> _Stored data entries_
(* Let $r\ge 3$, $\varepsilon>0$, and let $G$ be an $n$-vertex maximal $K_r$-free graph with minimum degree $\delta(G)\ge\left(\frac{2r-5}{2r-3}+\varepsilon\right)n$. Then $G$ is $\varepsilon^{r-2}$-ultra maximal $K_r$-free.
   Context: An $n$-vertex graph $G$ is $\alpha$-ultra maximal $K_r$-free if it is $K_r$-free and for every pair of non-adjacent vertices $u,v$, the induced subgraph $G[N(u)\cap N(v)]$ contains at least $\alpha n^{r-2}$ copies of $K_{r-2}$. A graph is maximal $K_r$-free if it is $K_r$-free and adding any new edge creates a $K_r$. *)

From HB Require Import structures.
From mathcomp Require Import all_boot all_order all_algebra.
Set Implicit Arguments. Unset Strict Implicit. Unset Printing Implicit Defensive.
Import Order.TTheory GRing.Theory Num.Theory.

Definition simple_graph (T : finType) (e : rel T) : Prop :=
  symmetric e /\ irreflexive e.

Definition clique (T : finType) (e : rel T) (S : {set T}) : Prop :=
  forall x y, x \in S -> y \in S -> x != y -> e x y.

Definition Kr_free (T : finType) (e : rel T) (r : nat) : Prop :=
  forall S : {set T}, #|S| = r -> ~ clique e S.

Definition add_edge (T : finType) (e : rel T) (u v : T) : rel T :=
  fun x y => [|| e x y, (x == u) && (y == v) | (x == v) && (y == u)].

Definition maximal_Kr_free (T : finType) (e : rel T) (r : nat) : Prop :=
  Kr_free e r /\
  forall u v : T, u != v -> ~~ e u v -> ~ Kr_free (add_edge e u v) r.

Definition nbhd (T : finType) (e : rel T) (v : T) : {set T} := [set x | e v x].

Definition num_cliques (T : finType) (e : rel T) (A : {set T}) (k : nat) : nat :=
  #|[set S : {set T} | (S \subset A) && (#|S| == k) &&
      [forall x in S, forall y in S, (x != y) ==> e x y]]|.

Local Open Scope ring_scope.

Definition ultra_maximal_Kr_free (R : realFieldType) (T : finType) (e : rel T)
    (r : nat) (alpha : R) : Prop :=
  Kr_free e r /\
  forall u v : T, u != v -> ~~ e u v ->
    alpha * (#|T|%:R ^+ (r - 2)%N) <= (num_cliques e (nbhd e u :&: nbhd e v) (r - 2)%N)%:R.

From HB Require Import structures.
From mathcomp Require Import all_boot all_order all_algebra.
From mathcomp Require Import zify ring lra.
Import Order.TTheory GRing.Theory Num.Theory.
Set Implicit Arguments. Unset Strict Implicit. Unset Printing Implicit Defensive.

(* For non-adjacent u, v, maximality yields a K_(r-2) inside N(u) ∩ N(v).
   Counting step: let A be K_(k+3)-free, let every vertex of A miss at most D
   vertices of A, and let S be a K_(k+1) in C = N(u) ∩ N(v) ∩ A.  Summing
   e(u,y) + e(v,y) + |S ∩ N(y)| over y ∈ A gives at least (k+3)(|A| - D),
   while each y contributes at most k+1, plus 1 only if y is an apex of C,
   i.e. C ∩ N(y) contains a K_k.  Hence C has at least 2|A| - (k+3)D apexes.
   Recursing into A ∩ N(x) for each apex x and double counting K_(k+1)'s of C
   gives #K_k(C) >= t^k by induction on k, as long as (2k+1)(D+t) <= 2|A|.
   With k = r - 2, t = εn and D = n - ((2r-5)/(2r-3) + ε)n >= n - δ(G), the
   condition holds with equality: (2r-3)(D + t) = 2n. *)

Lemma sum_nat_of_bool (I : finType) (A : {pred I}) (P : pred I) :
  (\sum_(i in A) (P i : nat) = #|[set i in A | P i]|)%N.
Proof. by rewrite -big_mkcondr sum1dep_card. Qed.

Lemma leq_sum_subset (I : finType) (A B : {set I}) (F : I -> nat) :
  A \subset B -> (\sum_(i in A) F i <= \sum_(i in B) F i)%N.
Proof. by move=> /subsetP AB; apply: (sub_le_big leqnn (fun x y => leq_addr y x)). Qed.

Definition cliqueb (T : finType) (e : rel T) (S : {set T}) :=
  [forall x in S, forall y in S, (x != y) ==> e x y].

Lemma cliquebP (T : finType) (e : rel T) (S : {set T}) :
  reflect (clique e S) (cliqueb e S).
Proof.
apply: (iffP idP) => [/forall_inP cS x y xS yS | cS].
  by have /forall_inP/(_ y yS)/implyP := cS x xS.
by apply/forall_inP => x xS; apply/forall_inP => y yS; apply/implyP; apply: cS.
Qed.

Lemma clique_add_edge_setD1 (T : finType) (e : rel T) (u v : T) (S : {set T}) :
  clique (add_edge e u v) S -> clique e (S :\ u) /\ clique e (S :\ v).
Proof.
move=> cS; split=> x y /setD1P[xw xS] /setD1P[yw yS] /(cS x y xS yS);
  by rewrite /add_edge (negbTE xw) (negbTE yw) !andbF !orbF.
Qed.

Section Cliques.

Variables (T : finType) (e : rel T).
Hypotheses (esym : symmetric e) (eirr : irreflexive e).
Local Notation N := (nbhd e).

Definition cliques (A : {set T}) (k : nat) :=
  [set S : {set T} | (S \subset A) && (#|S| == k) && cliqueb e S].

Definition Kr_free_on (A : {set T}) (r : nat) :=
  forall S : {set T}, S \subset A -> #|S| = r -> ~ clique e S.

Lemma num_cliquesE (A : {set T}) k : num_cliques e A k = #|cliques A k|.
Proof. by []. Qed.

Lemma cliquesP (A : {set T}) (k : nat) (S : {set T}) :
  reflect [/\ S \subset A, #|S| = k & clique e S] (S \in cliques A k).
Proof.
rewrite inE; apply: (iffP idP) => [/andP[/andP[SA /eqP ->] /cliquebP] | [-> -> /cliquebP ->]] //.
by rewrite eqxx.
Qed.

Lemma in_nbhd x y : (y \in N x) = e x y.
Proof. by rewrite inE. Qed.

Lemma notin_nbhd_subset x (S : {set T}) : S \subset N x -> x \notin S.
Proof. by move=> /subsetP SN; apply/negP => /SN; rewrite in_nbhd eirr. Qed.

Lemma clique_subset (S S' : {set T}) : S' \subset S -> clique e S -> clique e S'.
Proof. by move=> /subsetP S'S cS x y /S'S xS /S'S yS; apply: cS. Qed.

Lemma clique_setU1 x (S : {set T}) : clique e S -> S \subset N x -> clique e (x |: S).
Proof.
move=> cS /subsetP SN a b /setU1P[->|aS] /setU1P[->|bS] nab.
- by rewrite eqxx in nab.
- by rewrite -in_nbhd SN.
- by rewrite esym -in_nbhd SN.
- exact: cS.
Qed.

Lemma Kr_free_on_setI_nbhd (A : {set T}) r x :
  Kr_free_on A r.+1 -> x \in A -> Kr_free_on (A :&: N x) r.
Proof.
move=> free xA S; rewrite subsetI => /andP[SA SN] cardS cS.
apply: (free (x |: S)); last exact: clique_setU1.
- by rewrite subUset sub1set xA.
- by rewrite cardsU1 (notin_nbhd_subset SN) cardS.
Qed.

Lemma card_setI_nbhd (A : {set T}) s : #|A :&: N s| = (\sum_(y in A) e s y)%N.
Proof. by rewrite sum_nat_of_bool; apply: eq_card => y; rewrite !inE. Qed.

Lemma sum_card_setI_nbhd (A B : {set T}) :
  (\sum_(y in A) #|B :&: N y| = \sum_(s in B) #|A :&: N s|)%N.
Proof.
under eq_bigr do rewrite card_setI_nbhd.
rewrite exchange_big; apply: eq_bigr => s _.
by rewrite card_setI_nbhd; apply: eq_bigr => y _; rewrite esym.
Qed.

Lemma sum_cliques_setI_nbhd (C : {set T}) k :
  (\sum_(x in C) #|cliques (C :&: N x) k| <= k.+1 * #|cliques C k.+1|)%N.
Proof.
have extend x : x \in C ->
    (#|cliques (C :&: N x) k| <= #|[set S in cliques C k.+1 | x \in S]|)%N.
  move=> xC.
  have inj : {in cliques (C :&: N x) k &, injective (fun S => x |: S)}.
    have xN S : S \in cliques (C :&: N x) k -> x \notin S.
      by case/cliquesP=> SN _ _; apply/notin_nbhd_subset/(subset_trans SN)/subsetIr.
    move=> S1 S2 S1K S2K eqS.
    by rewrite -(setU1K (xN _ S1K)) -(setU1K (xN _ S2K)) eqS.
  rewrite -(card_in_imset inj); apply/subset_leq_card/subsetP.
  move=> _ /imsetP[S /cliquesP[+ cardS cS] ->]; rewrite subsetI => /andP[SC SN].
  rewrite inE setU11 andbT; apply/cliquesP; split.
  - by rewrite subUset sub1set xC.
  - by rewrite cardsU1 (notin_nbhd_subset SN) cardS.
  - exact: clique_setU1.
apply: leq_trans (leq_sum _ extend) _.
under eq_bigr do rewrite -sum_nat_of_bool.
rewrite exchange_big /= mulnC -sum_nat_const; apply: leq_sum => S /cliquesP[_ <- _].
by rewrite sum_nat_of_bool subset_leq_card //; apply/subsetP => x /[!inE] /andP[].
Qed.

Definition clique_apexes (C : {set T}) (k : nat) :=
  [set x in C | cliques (C :&: N x) k != set0].

Lemma adjacency_count_le (A S0 : {set T}) k u v y :
  Kr_free_on A k.+3 -> u \in A -> v \in A -> y \in A ->
  S0 \in cliques (N u :&: N v :&: A) k.+1 ->
  (e u y + e v y + #|S0 :&: N y|
     <= k.+1 + (y \in clique_apexes (N u :&: N v :&: A) k))%N.
Proof.
move=> free uA vA yA /cliquesP[]; rewrite !subsetI => /andP[/andP[S0u S0v] S0A] cardS0 cS0.
have not_sub w : w \in A -> S0 \subset N w -> e w y -> ~~ (S0 \subset N y).
  move=> wA S0w ewy; apply/negP => S0y.
  have wAy : w \in A :&: N y by rewrite inE wA in_nbhd esym.
  apply: (Kr_free_on_setI_nbhd (Kr_free_on_setI_nbhd free yA) wAy) cardS0 cS0.
  by rewrite !subsetI S0A S0y S0w.
have le_k w : w \in A -> S0 \subset N w -> e w y -> (#|S0 :&: N y| <= k)%N.
  move=> wA S0w ewy; rewrite -ltnS -cardS0.
  exact/proper_card/properIl/(not_sub w).
have le_k1 : (#|S0 :&: N y| <= k.+1)%N by rewrite -cardS0 subset_leq_card ?subsetIl.
have apex : e u y -> e v y -> #|S0 :&: N y| = k ->
    y \in clique_apexes (N u :&: N v :&: A) k.
  move=> euy evy cardS0y; rewrite !inE euy evy yA /=; apply/set0Pn.
  exists (S0 :&: N y); apply/cliquesP; split=> //.
  - by rewrite setSI // !subsetI S0u S0v.
  - exact: clique_subset (subsetIl _ _) cS0.
move: (le_k u uA S0u) (le_k v vA S0v) apex.
by case: (e u y); case: (e v y); case: (y \in _) => /=; lia.
Qed.

Section CliqueCount.

Local Open Scope ring_scope.
Variables (R : realFieldType) (D : R).

Definition nondegree_le (A : {set T}) :=
  forall y, y \in A -> #|A :\: N y|%:R <= D.

Lemma nondegree_le_setI_nbhd A x : nondegree_le A -> nondegree_le (A :&: N x).
Proof.
move=> nd y /setIP[yA _]; apply: le_trans (nd y yA).
by rewrite ler_nat subset_leq_card // setSD // subsetIl.
Qed.

Lemma card_setI_nbhd_ge A w :
  nondegree_le A -> w \in A -> #|A|%:R - D <= #|A :&: N w|%:R.
Proof.
move=> nd wA; have := nd w wA.
by rewrite -(cardsID (N w) A) natrD; lra.
Qed.

Lemma card_clique_apexes_ge (A S0 : {set T}) k u v :
  Kr_free_on A k.+3 -> nondegree_le A -> u \in A -> v \in A ->
  S0 \in cliques (N u :&: N v :&: A) k.+1 ->
  2 * #|A|%:R - (k%:R + 3) * D <= #|clique_apexes (N u :&: N v :&: A) k|%:R.
Proof.
move=> free nd uA vA S0K.
have count : (#|A :&: N u| + #|A :&: N v| + \sum_(s in S0) #|A :&: N s|
              <= k.+1 * #|A| + #|clique_apexes (N u :&: N v :&: A) k|)%N.
  rewrite -sum_card_setI_nbhd (card_setI_nbhd A u) (card_setI_nbhd A v) -!big_split /=.
  apply: leq_trans (leq_sum _ (fun y yA => adjacency_count_le free uA vA yA S0K)) _.
  rewrite big_split sum_nat_const /= mulnC leq_add2l sum_nat_of_bool.
  by apply/subset_leq_card/subsetP => y; rewrite inE => /andP[].
have [S0sub cardS0 _] := cliquesP _ _ _ S0K.
have S0A : S0 \subset A := subset_trans S0sub (subsetIr _ _).
have sum_ge : k.+1%:R * (#|A|%:R - D) <= \sum_(s in S0) #|A :&: N s|%:R.
  rewrite -cardS0 mulr_natl -sumr_const; apply: ler_sum => s sS0.
  exact/card_setI_nbhd_ge/(subsetP S0A).
have E1 : k.+1%:R = k%:R + 1 :> R by rewrite -natr1.
move: count sum_ge; rewrite -(ler_nat R) !natrD natrM natr_sum E1.
have := card_setI_nbhd_ge nd uA; have := card_setI_nbhd_ge nd vA; nra.
Qed.

Lemma common_nbhd_cliques_ge (t : R) (A : {set T}) k u v :
  0 <= t -> Kr_free_on A k.+2 -> nondegree_le A -> u \in A -> v \in A ->
  cliques (N u :&: N v :&: A) k != set0 ->
  (2 * k%:R + 1) * (D + t) <= 2 * #|A|%:R ->
  t ^+ k <= #|cliques (N u :&: N v :&: A) k|%:R.
Proof.
move=> t0; elim: k A => [|k IH] A free nd uA vA nonempty sizeA.
  by rewrite expr0 ler1n card_gt0.
set C := N u :&: N v :&: A.
have [S0 S0K] := set0Pn _ nonempty.
have D0 : 0 <= D := le_trans (ler0n _ _) (nd u uA).
have E1 : k.+1%:R = k%:R + 1 :> R by rewrite -natr1.
have apex_ge x : x \in clique_apexes C k -> t ^+ k <= #|cliques (C :&: N x) k|%:R.
  case/setIdP => /setIP[/setIP[]]; rewrite !in_nbhd => eux evx xA nonempty_x.
  have CE : C :&: N x = N u :&: N v :&: (A :&: N x) by rewrite /C setIA.
  rewrite CE; apply: IH.
  - exact: Kr_free_on_setI_nbhd.
  - exact: nondegree_le_setI_nbhd.
  - by rewrite inE uA in_nbhd esym.
  - by rewrite inE vA in_nbhd esym.
  - by rewrite -CE.
  - have := card_setI_nbhd_ge nd xA; move: sizeA; rewrite E1; lra.
have sum_apexes : #|clique_apexes C k|%:R * t ^+ k <= k.+1%:R * #|cliques C k.+1|%:R.
  rewrite mulr_natl -sumr_const; apply: le_trans (ler_sum _ apex_ge) _.
  rewrite -natr_sum -natrM ler_nat; apply: leq_trans (sum_cliques_setI_nbhd _ _).
  by apply/leq_sum_subset/subsetP => x /setIdP[].
have apexes_ge := card_clique_apexes_ge free nd uA vA S0K.
rewrite -(ler_pM2l (ltr0Sn R k)) exprS mulrA.
apply: le_trans sum_apexes; rewrite ler_wpM2r ?exprn_ge0 //.
apply: le_trans apexes_ge; move: sizeA; rewrite E1.
have := mulr_ge0 (ler0n R k) D0; have := mulr_ge0 (ler0n R k) t0; lra.
Qed.

End CliqueCount.

Lemma maximal_cliques_common_nbhd r u v :
  maximal_Kr_free e r.+2 -> u != v -> ~~ e u v -> cliques (N u :&: N v) r != set0.
Proof.
case=> free maxG nuv neuv.
have : ~~ [forall S : {set T}, (#|S| == r.+2) ==> ~~ cliqueb (add_edge e u v) S].
  apply/negP => /forallP noK; apply: (maxG u v nuv neuv) => S cardS /cliquebP.
  by have := noK S; rewrite cardS eqxx => /negP.
case/forallPn => S; rewrite negb_imply negbK => /andP[/eqP cardS /cliquebP cS].
have [cSu cSv] := clique_add_edge_setD1 cS.
have in_S w : clique e (S :\ w) -> w \in S.
  move=> cSw; apply/negPn/negP => wS; apply: (free (S :\ w)) cSw.
  by move: cardS; rewrite (cardsD1 w S) (negbTE wS).
apply/set0Pn; exists (S :\ u :\ v); apply/cliquesP; split.
- apply/subsetP => x /setD1P[xv /setD1P[xu xS]]; rewrite !inE.
  have := cS u x (in_S u cSu) xS; have := cS v x (in_S v cSv) xS.
  by rewrite /add_edge (negbTE xu) (negbTE xv) !andbF !orbF ![_ == x]eq_sym xu xv => -> // ->.
- move: cardS; rewrite (cardsD1 u S) (cardsD1 v (S :\ u)) in_S // !inE eq_sym nuv in_S //.
  by move=> [].
- exact: clique_subset (subD1set _ _) cSu.
Qed.

End Cliques.

Local Open Scope ring_scope.

Theorem proposition4p3 (R : realFieldType) (T : finType) (e : rel T)
    (r : nat) (eps : R) :
  (3 <= r)%N -> 0 < eps ->
  simple_graph e ->
  maximal_Kr_free e r ->
  (forall v : T,
     ((2 * r - 5)%N%:R / (2 * r - 3)%N%:R + eps) * #|T|%:R <= #|nbhd e v|%:R) ->
  ultra_maximal_Kr_free e r (eps ^+ (r - 2)%N).
Proof.
move=> r3 eps0 [esym eirr] maxG deg; split=> [|u v nuv neuv]; first exact: maxG.1.
case: r r3 maxG deg => [|[|[|k]]] // _ maxG deg.
have E5 : (2 * k.+3 - 5)%N%:R = 2 * k%:R + 1 :> R.
  have -> : (2 * k.+3 - 5 = (2 * k).+1)%N by lia.
  by rewrite -natr1 natrM.
have E3 : (2 * k.+3 - 3)%N%:R = 2 * k%:R + 3 :> R.
  have -> : (2 * k.+3 - 3 = 2 * k + 3)%N by lia.
  by rewrite natrD natrM.
rewrite E5 E3 in deg; change (k.+3 - 2)%N with k.+1.
set n := #|T|%:R in deg *; set c := (2 * k%:R + 1) / (2 * k%:R + 3) + eps in deg.
rewrite num_cliquesE -exprMn -[nbhd e u :&: _]setIT.
apply: (common_nbhd_cliques_ge esym eirr (D := n - c * n)).
- exact: mulr_ge0 (ltW eps0) (ler0n _ _).
- by move=> S _; apply: maxG.1.
- by move=> y _; have := deg y; rewrite setTD /n -(cardsC (nbhd e y)) natrD; lra.
- exact: in_setT.
- exact: in_setT.
- by rewrite setIT; apply: maximal_cliques_common_nbhd.
- rewrite cardsT -/n /c -natr1 [X in X <= _](_ : _ = 2 * n) //.
  by field; have := ler0n R k; lra.
Qed.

> _Action item_
Your task is to list each line of the records with the word "symmetric".

> _Result below_
  symmetric e /\ irreflexive e.
Hypotheses (esym : symmetric e) (eirr : irreflexive e).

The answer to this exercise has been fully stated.